OK, property list type corrected in the attached. With the correct property
list type, I’m getting an infinite loop closing the library (error stack
attached) if I set the avoid_truncate flag. Same code with H5P_DEFAULT works
fine.
I’ll try the collective metadata write next. Data is contiguous, but is written
out as separate hyperslabs across ranks.
Thanks!
Jarom
From: Hdf-forum [mailto:[email protected]] On Behalf Of
Mohamad Chaarawi
Sent: Wednesday, February 24, 2016 11:46 AM
To: HDF Users Discussion List
Subject: Re: [Hdf-forum] H5Fcreate on Parallel HDF5: H5F_ACC_TRUNC vs.
H5F_ACC_EXCL
10s of datasets and groups do seem like a fairly reasonable amount of metadata
to see benefits from the collective metadata write option. If the datasets are
chunked, that means more metadata is generated too. I would try the collective
write feature and see if the file close speeds up. It does so significantly in
most scenarios we have tested it with.
Mohamad
From: Hdf-forum [mailto:[email protected]] On Behalf Of
Mohamad Chaarawi
Sent: Wednesday, February 24, 2016 11:40 AM
To: HDF Users Discussion List
Subject: Re: [Hdf-forum] H5Fcreate on Parallel HDF5: H5F_ACC_TRUNC vs.
H5F_ACC_EXCL
Hi Jarom,
You are using the file access property list for the H5Pset_avoid_truncate call.

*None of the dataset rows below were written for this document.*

(* Column j of D lists the values at the nodes a_i of the quadratic (X - a_j)^2, so col(D)
   lies in the space of node values of polynomials of degree at most 2, i.e. the row space
   of the 3 x n Vandermonde matrix; a nonzero 3 x 3 minor gives equality, hence rank D = 3,
   and rescaling columns does not change the span.  So P_out(D') consists of the nonnegative
   such vectors with coordinate sum 1.  A quadratic with three roots vanishes, so a point of
   P_out(D') vanishing at two consecutive nodes is v_k; hence each v_k is extreme.
   Conversely, w = -u_n is positive exactly at the interior nodes: subtracting from x the
   largest multiple of w keeping it nonnegative leaves a nonnegative quadratic vanishing at
   an interior node a_m, which is a nonnegative combination of u_(m-1) and u_m.  Hence
   P_out(D') is the convex hull of the v_k. *)

Lemma det_mx22 (R : comRingType) (A : 'M[R]_2) :
  \det A = A 0 0 * A 1 1 - A 0 1 * A 1 0.
Proof.
pose f (i j : nat) := A (inord i) (inord j).
have -> : A = \matrix_(i, j) f i j by apply/matrixP => i j; rewrite mxE /f !inord_val.
rewrite (expand_det_row _ 0) !big_ord_recr big_ord0 /cofactor /= !det_mx11 !mxE /=.
ring.
Qed.

Lemma det_mx33 (R : comRingType) (A : 'M[R]_3) : \det A =
  A 0 0 * (A 1 1 * A 2 2 - A 1 2 * A 2 1)
  - A 0 1 * (A 1 0 * A 2 2 - A 1 2 * A 2 0)
  + A 0 2 * (A 1 0 * A 2 1 - A 1 1 * A 2 0).
Proof.
pose f (i j : nat) := A (inord i) (inord j).
have -> : A = \matrix_(i, j) f i j by apply/matrixP => i j; rewrite mxE /f !inord_val.
rewrite (expand_det_row _ 0) !big_ord_recr big_ord0 /cofactor /= !det_mx22 !mxE /=.
ring.
Qed.

Lemma mxrank_mxsub (R : fieldType) m n m' n' (f : 'I_m' -> 'I_m) (g : 'I_n' -> 'I_n)
    (A : 'M[R]_(m, n)) : (\rank (mxsub f g A) <= \rank A)%N.
Proof.
rewrite -[A in mxsub _ _ A]mul1mx mxsub_mul.
apply: leq_trans (mxrankM_maxr _ _) _.
by rewrite -[A in colsub _ A]mulmx1 -mulmx_colsub mxrankM_maxl.
Qed.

This requires a file creation property list.
Thanks,
Mohamad
From: Hdf-forum
<[email protected]<mailto:[email protected]>>
on behalf of "Nelson, Jarom" <[email protected]<mailto:[email protected]>>
Reply-To: hdf-forum
<[email protected]<mailto:[email protected]>>
Date: Wednesday, February 24, 2016 at 1:28 PM
To: hdf-forum
<[email protected]<mailto:[email protected]>>
Subject: Re: [Hdf-forum] H5Fcreate on Parallel HDF5: H5F_ACC_TRUNC vs.
H5F_ACC_EXCL
Testing out the H5Pset_avoid_truncate call, I get the following error when I
attempt to set this property on my file access property list:
HDF5-DIAG: Error detected in HDF5 (1.9.233) MPI-process 0:
#000: H5Pfcpl.c line 1422 in H5Pset_avoid_truncate(): can't find object for ID
major: Object atom
minor: Unable to find atom information (already closed?)

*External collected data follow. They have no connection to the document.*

Lemma asin_PSeries (x : R) : Rabs x < 1 -> x * PSeries central_odd (x ^ 2) = asin x.
Proof.
  intros Hx.
  assert (Hderiv : forall t, Rabs t < 1 ->
            is_derive (fun t => t * PSeries central_odd (t ^ 2) - asin t) t 0).
  { intros t Ht. apply Rabs_def2 in Ht.
    assert (Ht2 : Rabs (t ^ 2) < 1) by (rewrite Rabs_pos_eq; nra).
    assert (Hr := Rbar_lt_CV_radius _ _ CV_radius_central_odd Ht2).
    assert (Hasin := is_derive_asin t ltac:(lra)).
    auto_derive; change (t * (t * 1)) with (t ^ 2).
    { repeat split; [apply ex_derive_PSeries, Hr | eexists; exact Hasin]. }
    replace (Derive (fun u => PSeries central_odd u) (t ^ 2))
      with (PSeries (PS_derive central_odd) (t ^ 2))
      by (symmetry; apply Derive_PSeries, Hr).
    replace (Derive (fun u => asin u) t) with (/ sqrt (1 - t ^ 2))
      by (symmetry; apply is_derive_unique, Hasin).
    assert (Hode := PSeries_central_odd_ode _ Ht2).
    rewrite PSeries_central in Hode by exact Ht2.
    rewrite <- Hode. ring. }
  assert (H := is_derive_0_const _ x Hderiv Hx). cbv beta in H.
  rewrite asin_0 in H. lra.
Qed.

Lemma is_series_Int_central : is_series (PS_Int central) 2.
Proof.
  apply is_series_of_PSeries_le_sup.
  - apply PS_Int_nonneg. intros n. apply Rlt_le, central_pos.
  - rewrite CV_radius_Int. exact CV_radius_central.
  - intros y Hy. rewrite PSeries_Int_central by (rewrite Rabs_pos_eq; lra).
    assert (0 <= sqrt (1 - y)) by apply sqrt_pos. lra.
  - intros eps Heps. set (d := Rmin (1 / 2) (eps / 4)).
    assert (0 < d <= 1 / 2) by (split; [apply Rmin_glb_lt | apply Rmin_l]; lra).
    assert (d <= eps / 4) by apply Rmin_r.
    exists (1 - d * d). split; [nra |].
    rewrite PSeries_Int_central by (rewrite Rabs_pos_eq; nra).
    replace (1 - (1 - d * d)) with (d * d) by ring.
    rewrite sqrt_square by lra. lra.
Qed.

Lemma is_series_Int_decr_1_central : is_series (PS_Int (PS_decr_1 central)) (2 * ln 2).
Proof.
  apply is_series_of_PSeries_le_sup.
  - apply PS_Int_nonneg. intros n. apply Rlt_le, central_pos.
  - rewrite CV_radius_Int, CV_radius_decr_1. exact CV_radius_central.
  - intros y Hy. rewrite PSeries_Int_decr_1_central by (rewrite Rabs_pos_eq; lra).
    assert (0 <= sqrt (1 - y)) by apply sqrt_pos.
    assert (0 <= ln (1 + sqrt (1 - y))) by (rewrite <- ln_1; apply ln_le; lra).
    lra.
  - intros eps Heps. set (d := Rmin (1 / 2) (eps / 4)).
    assert (0 < d <= 1 / 2) by (split; [apply Rmin_glb_lt | apply Rmin_l]; lra).
    assert (d <= eps / 4) by apply Rmin_r.
    exists (1 - d * d). split; [nra |].
    rewrite PSeries_Int_decr_1_central by (rewrite Rabs_pos_eq; nra).
    replace (1 - (1 - d * d)) with (d * d) by ring.
    rewrite sqrt_square by lra. assert (ln (1 + d) < d) by (apply ln_1_plus_lt; lra).
    lra.
Qed.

#001: H5Pint.c line 3789 in H5P_object_verify(): property list is not a
member of the class
major: Property lists
minor: Unable to register new atom
Attached is my simple test program that produces the above error.
Despite the error, my application ran to completion and the file generated
appears to work correctly, though it is a very simple test case file. However,
I suspect that the property is not being set correctly, because the change does
not seem to improve the time it takes to close the HDF5 file. Comparisons using
my non-toy program show an increase in time to write and close the file from 64
ranks to 128 ranks (~9 seconds to ~12 seconds).
Note, I’m hopefully optimistic that I built the library correctly from the
branch given. Building the avoid_truncate branch checkout from svn didn’t match
the build instructions for a release. I ended up doing the following:
### install autoconf version 2.69
./autogen.sh
CC=$(which mpicc) ./configure --enable-parallel --with-zlib
make ### this failed complaining that libtool didn’t have any targets
configured, or some similar error message
./config.status
./config.lt
make ### this now worked, I think
make check
make install
make check-install
After that, the new library linked OK with my test code, and it appears that
despite the error . TBD whether it is actually working correctly.
Jarom
From: Hdf-forum [mailto:[email protected]] On Behalf Of
Nelson, Jarom
Sent: Tuesday, February 23, 2016 2:55 PM
To: HDF Users Discussion List
Subject: Re: [Hdf-forum] H5Fcreate on Parallel HDF5: H5F_ACC_TRUNC vs.
H5F_ACC_EXCL
Thanks for your help. I’ll attempt to build my application using your
avoid_truncate branch and see if it helps with the truncation issue. I may ping
for assistance here, since my initial attempts to build HDF5 from the
avoid_truncate branch are coming up with some problems.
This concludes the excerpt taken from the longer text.